◆ **ASSIGNMENT**:
The answer must be an exact reproduction of the lines from the start of the records below through the line containing "- move=> m k", and nothing more.

[[ DATA EXTRACTS open ]]

Lemma evol_fromB (S : int -> {linear X -> X}) m k x y :
  evol_from (fun n => S n : X -> X) m k (x - y) =
  evol_from (fun n => S n : X -> X) m k x - evol_from (fun n => S n : X -> X) m k y.
Proof. by elim: k => [|k IH] //=; rewrite IH raddfB. Qed.

Lemma evolE (S : int -> X -> X) m (k : nat) : evol S (m + k%:Z) m = evol_from S m k.
Proof. by rewrite /evol (addrC m) addrK absz_nat. Qed.

(* The dichotomy restated along forward pairs (m, m + k), the form in which
   it is used by the telescoping arguments. *)
Lemma nonuniform_ED_forward {S : int -> X -> X} {Q : int -> {linear X -> X}}
    {K : int -> R} {a : R} :
  nonuniform_ED S Q K a ->
  [/\ forall n x, Q n (Q n x) = Q n x, forall n, 1 <= K n, 0 < a,
  forall m k x, Q (m + k%:Z) (evol_from S m k x) = evol_from S m k (Q m x) &
  exists Sinv : int -> int -> X -> X,
  [/\ forall m k x, Q m x = x -> Sinv m (m + k%:Z) (evol_from S m k x) = x,
   forall m k y, Q (m + k%:Z) y = y ->
     Q m (Sinv m (m + k%:Z) y) = Sinv m (m + k%:Z) y
     /\ evol_from S m k (Sinv m (m + k%:Z) y) = y,
   forall m k x, `|evol_from S m k (x - Q m x)| <= K m * expR (- a * k%:R) * `|x| &
   forall m k x, `|Sinv m (m + k%:Z) (Q (m + k%:Z) x)|
                   <= K (m + k%:Z) * expR (- a * k%:R) * `|x| ]].
Proof.
move=> [Q_proj K_ge1 a_gt0 Q_comm [Sinv [Sinv_left Sinv_right stable unstable]]].
have m_le (m : int) (k : nat) : m <= m + k%:Z by rewrite lerDl.
split => //.
- by move=> n x; case: (Q_proj n).
- by move=> m k x; rewrite -evolE; exact: Q_comm.
exists Sinv; split.
- by move=> m k x; rewrite -evolE; exact: Sinv_left.
- by move=> m k y; rewrite -evolE; exact: Sinv_right.
- by move=> m k x; have := stable _ _ (m_le m k) x; rewrite evolE (addrC m) addrK.
- move=> m k x; have := unstable _ _ (m_le m k) x.
  by rewrite opprD addrA subrr add0r mulrNz mulrN mulNr.
Qed.

Lemma opnorm_le_lt0 {A : X -> X} {c : R} (x : X) : opnorm_le A c -> c < 0 -> x = 0.
Proof.
move=> A_le c_lt0; apply/normr0_eq0/eqP; rewrite eq_le normr_ge0 andbT.
have := le_trans (normr_ge0 _) (A_le x); have := normr_ge0 x; nra.
Qed.

Lemma telescope_norm_le {z d : nat -> X} {c q : R} (N : nat) :
  (forall k, z k = d k + z k.+1) -> (forall k, `|d k| <= c * q ^+ k) ->
  `|z 0%N| <= \sum_(k < N) c * q ^+ k + `|z N|.
Proof.
move=> step d_le.
have -> : z 0%N = \sum_(k < N) d k + z N.
  elim: N => [|N IH]; first by rewrite big_ord0 add0r.
  by rewrite big_ord_recr /= -addrA -step.
apply: le_trans (ler_normD _ _) _; apply: lerD => //.
by apply: le_trans (ler_norm_sum _ _ _) _; apply: ler_sum => k _.
Qed.

End Evolution.

Lemma subr_swap (V : zmodType) (a b c d : V) : (a - c) - (b - d) = (a - b) - (c - d).
Proof. by rewrite !opprB addrACA (addrC (- c)) addrACA (addrC d). Qed.

Lemma addz_natS (m : int) (k : nat) : m + k.+1%:Z = m + k%:Z + 1.
Proof. by rewrite -addrA (addrC (Posz k)) -intS. Qed.

Lemma addz1_nat (m : int) (k : nat) : m + 1 + k%:Z = m + k.+1%:Z.
Proof. by rewrite -addrA -intS. Qed.

Lemma subz_natS_add1 (n : int) (k : nat) : n - k.+1%:Z + 1 = n - k%:Z.
Proof. by rewrite intS; ring. Qed.

Lemma geometric_sum_le {R : realType} {c q : R} {N : nat} :
  0 <= q -> q < 1 -> 0 <= c -> \sum_(k < N) c * q ^+ k <= c / (1 - q).
Proof.
move=> q_ge0 q_lt1 c_ge0.
have q1_gt0 : 0 < 1 - q by rewrite subr_gt0.
have E : (1 - q) * \sum_(k < N) q ^+ k = 1 - q ^+ N.
  elim: N => [|N IH]; first by rewrite big_ord0 mulr0 expr0 subrr.
  by rewrite big_ord_recr /= mulrDr IH exprS; ring.
rewrite -mulr_sumr ler_wpM2l // -[X in X <= _](mulKf (lt0r_neq0 q1_gt0)) E.
rewrite -[X in _ <= X]mulr1 ler_wpM2l ?invr_ge0 ?(ltW q1_gt0) //.
by rewrite gerBl exprn_ge0.
Qed.

(* Chaining the three estimates that bound every term of the telescopes:
   the (in)stability estimate, the closeness of T and S, and the decay of the
   orbit that is fed into the defect. *)
Lemma chain_le {R : realFieldType} {a v y k E e Y : R} :
  0 <= E -> 0 <= e -> a <= k * E * v -> k * v <= e * y -> y <= Y ->
  a <= E * (e * Y).
Proof.
move=> E_ge0 e_ge0 a_le kv_le y_le; apply: (le_trans a_le).
rewrite [k * E]mulrC -mulrA ler_wpM2l //; apply: (le_trans kv_le).
exact: ler_wpM2l.
Qed.

Lemma expR_shift {R : realType} (a b : R) (k : nat) :
  expR (- a * k.+1%:R) * expR (- b * k%:R) = expR (- a) * expR (- (a + b)) ^+ k.
Proof. by rewrite -expRM_natr -!expRD mulrS; congr expR; ring. Qed.

Lemma expR_pow {R : realType} (a b : R) (N : nat) :
  expR (- a * N%:R) * expR (- b * N%:R) = expR (- (a + b)) ^+ N.
Proof. by rewrite -expRM_natr -expRD; congr expR; ring. Qed.

Section Telescopes.
Context {R : realType} {X : completeNormedModType R}.
Context {T S QT QS : int -> {linear X -> X}} {K : int -> R} {aT aS eps : R}
  {Tinv Sinv : int -> int -> X -> X}.
Local Notation ET := (evol_from (fun n => T n : X -> X)).
Local Notation ES := (evol_from (fun n => S n : X -> X)).
Local Notation q := (expR (- (aS + aT))).

Hypotheses (QT_proj : forall n x, QT n (QT n x) = QT n x)
  (QS_proj : forall n x, QS n (QS n x) = QS n x)
  (K_gt0 : forall n, 0 < K n) (aT_gt0 : 0 < aT) (aS_gt0 : 0 < aS)
  (eps_ge0 : 0 <= eps)
  (TS_close : forall n x, K (n + 1) * `|T n x - S n x| <= eps * `|x|).
Hypotheses (QT_comm : forall m k x, QT (m + k%:Z) (ET m k x) = ET m k (QT m x))
  (Tinv_left : forall m k x, QT m x = x -> Tinv m (m + k%:Z) (ET m k x) = x)
  (Tinv_right : forall m k y, QT (m + k%:Z) y = y ->
     QT m (Tinv m (m + k%:Z) y) = Tinv m (m + k%:Z) y /\ ET m k (Tinv m (m + k%:Z) y) = y)
  (T_stable : forall m k x, `|ET m k (x - QT m x)| <= K m * expR (- aT * k%:R) * `|x|)
  (T_unstable : forall m k x,
     `|Tinv m (m + k%:Z) (QT (m + k%:Z) x)| <= K (m + k%:Z) * expR (- aT * k%:R) * `|x|).
Hypotheses (QS_comm : forall m k x, QS (m + k%:Z) (ES m k x) = ES m k (QS m x))
  (Sinv_left : forall m k x, QS m x = x -> Sinv m (m + k%:Z) (ES m k x) = x)
  (Sinv_right : forall m k y, QS (m + k%:Z) y = y ->
     QS m (Sinv m (m + k%:Z) y) = Sinv m (m + k%:Z) y /\ ES m k (Sinv m (m + k%:Z) y) = y)
  (S_stable : forall m k x, `|ES m k (x - QS m x)| <= K m * expR (- aS * k%:R) * `|x|)
  (S_unstable : forall m k x,
     `|Sinv m (m + k%:Z) (QS (m + k%:Z) x)| <= K (m + k%:Z) * expR (- aS * k%:R) * `|x|).

Lemma q_ge0 : 0 <= q. Proof. exact: expR_ge0. Qed.

Lemma q_lt1 : q < 1.
Proof. by rewrite expR_lt1 oppr_lt0 addr_gt0. Qed.

Lemma QT_comm1 m x : QT (m + 1) (T m x) = T m (QT m x).
Proof. by have := QT_comm m 1 x; rewrite /= addr0. Qed.

Lemma QS_comm1 m x : QS (m + 1) (S m x) = S m (QS m x).
Proof. by have := QS_comm m 1 x; rewrite /= addr0. Qed.

Lemma Tinv_step n k u : QT (n + k%:Z) u = u ->
  Tinv n (n + k.+1%:Z) (T (n + k%:Z) u) = Tinv n (n + k%:Z) u.
Proof.
move=> u_unst; have [v_unst v_pull] := Tinv_right n k u u_unst.
set v := Tinv n (n + k%:Z) u in v_unst v_pull *.
by rewrite -[in LHS]v_pull; exact: (Tinv_left n k.+1 _ v_unst).
Qed.

Lemma TinvB n k a b : QT (n + k%:Z) a = a -> QT (n + k%:Z) b = b ->
  Tinv n (n + k%:Z) (a - b) = Tinv n (n + k%:Z) a - Tinv n (n + k%:Z) b.
Proof.
move=> a_unst b_unst.
have [a'_unst a_pull] := Tinv_right n k a a_unst.
have [b'_unst b_pull] := Tinv_right n k b b_unst.
rewrite -[in LHS]a_pull -[in LHS]b_pull -evol_fromB; apply: Tinv_left.
by rewrite raddfB; congr (_ - _); [exact: a'_unst | exact: b'_unst].
Qed.

Lemma Sinv_step m k y : QS (m + k.+1%:Z) y = y ->
  S m (Sinv m (m + k.+1%:Z) y) = Sinv (m + 1) (m + k.+1%:Z) y.
Proof.
move=> y_unst; have [w_unst w_push] := Sinv_right m k.+1 y y_unst.
have Sw_unst : QS (m + 1) (S m (Sinv m (m + k.+1%:Z) y)) = S m (Sinv m (m + k.+1%:Z) y).
  by rewrite QS_comm1 w_unst.
by have := Sinv_left _ k _ Sw_unst; rewrite -evol_fromS w_push addz1_nat => ->.
Qed.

[[ DATA EXTRACTS closed ]]

◆ **ANSWER TO THIS EXERCISE**:
Lemma evol_fromB (S : int -> {linear X -> X}) m k x y :
  evol_from (fun n => S n : X -> X) m k (x - y) =
  evol_from (fun n => S n : X -> X) m k x - evol_from (fun n => S n : X -> X) m k y.
Proof. by elim: k => [|k IH] //=; rewrite IH raddfB. Qed.

Lemma evolE (S : int -> X -> X) m (k : nat) : evol S (m + k%:Z) m = evol_from S m k.
Proof. by rewrite /evol (addrC m) addrK absz_nat. Qed.

(* The dichotomy restated along forward pairs (m, m + k), the form in which
   it is used by the telescoping arguments. *)
Lemma nonuniform_ED_forward {S : int -> X -> X} {Q : int -> {linear X -> X}}
    {K : int -> R} {a : R} :
  nonuniform_ED S Q K a ->
  [/\ forall n x, Q n (Q n x) = Q n x, forall n, 1 <= K n, 0 < a,
  forall m k x, Q (m + k%:Z) (evol_from S m k x) = evol_from S m k (Q m x) &
  exists Sinv : int -> int -> X -> X,
  [/\ forall m k x, Q m x = x -> Sinv m (m + k%:Z) (evol_from S m k x) = x,
   forall m k y, Q (m + k%:Z) y = y ->
     Q m (Sinv m (m + k%:Z) y) = Sinv m (m + k%:Z) y
     /\ evol_from S m k (Sinv m (m + k%:Z) y) = y,
   forall m k x, `|evol_from S m k (x - Q m x)| <= K m * expR (- a * k%:R) * `|x| &
   forall m k x, `|Sinv m (m + k%:Z) (Q (m + k%:Z) x)|
                   <= K (m + k%:Z) * expR (- a * k%:R) * `|x| ]].
Proof.
move=> [Q_proj K_ge1 a_gt0 Q_comm [Sinv [Sinv_left Sinv_right stable unstable]]].
have m_le (m : int) (k : nat) : m <= m + k%:Z by rewrite lerDl.
split => //.
- by move=> n x; case: (Q_proj n).
- by move=> m k x; rewrite -evolE; exact: Q_comm.
exists Sinv; split.
- by move=> m k x; rewrite -evolE; exact: Sinv_left.
- by move=> m k y; rewrite -evolE; exact: Sinv_right.
- by move=> m k x; have := stable _ _ (m_le m k) x; rewrite evolE (addrC m) addrK.
- move=> m k x; have := unstable _ _ (m_le m k) x.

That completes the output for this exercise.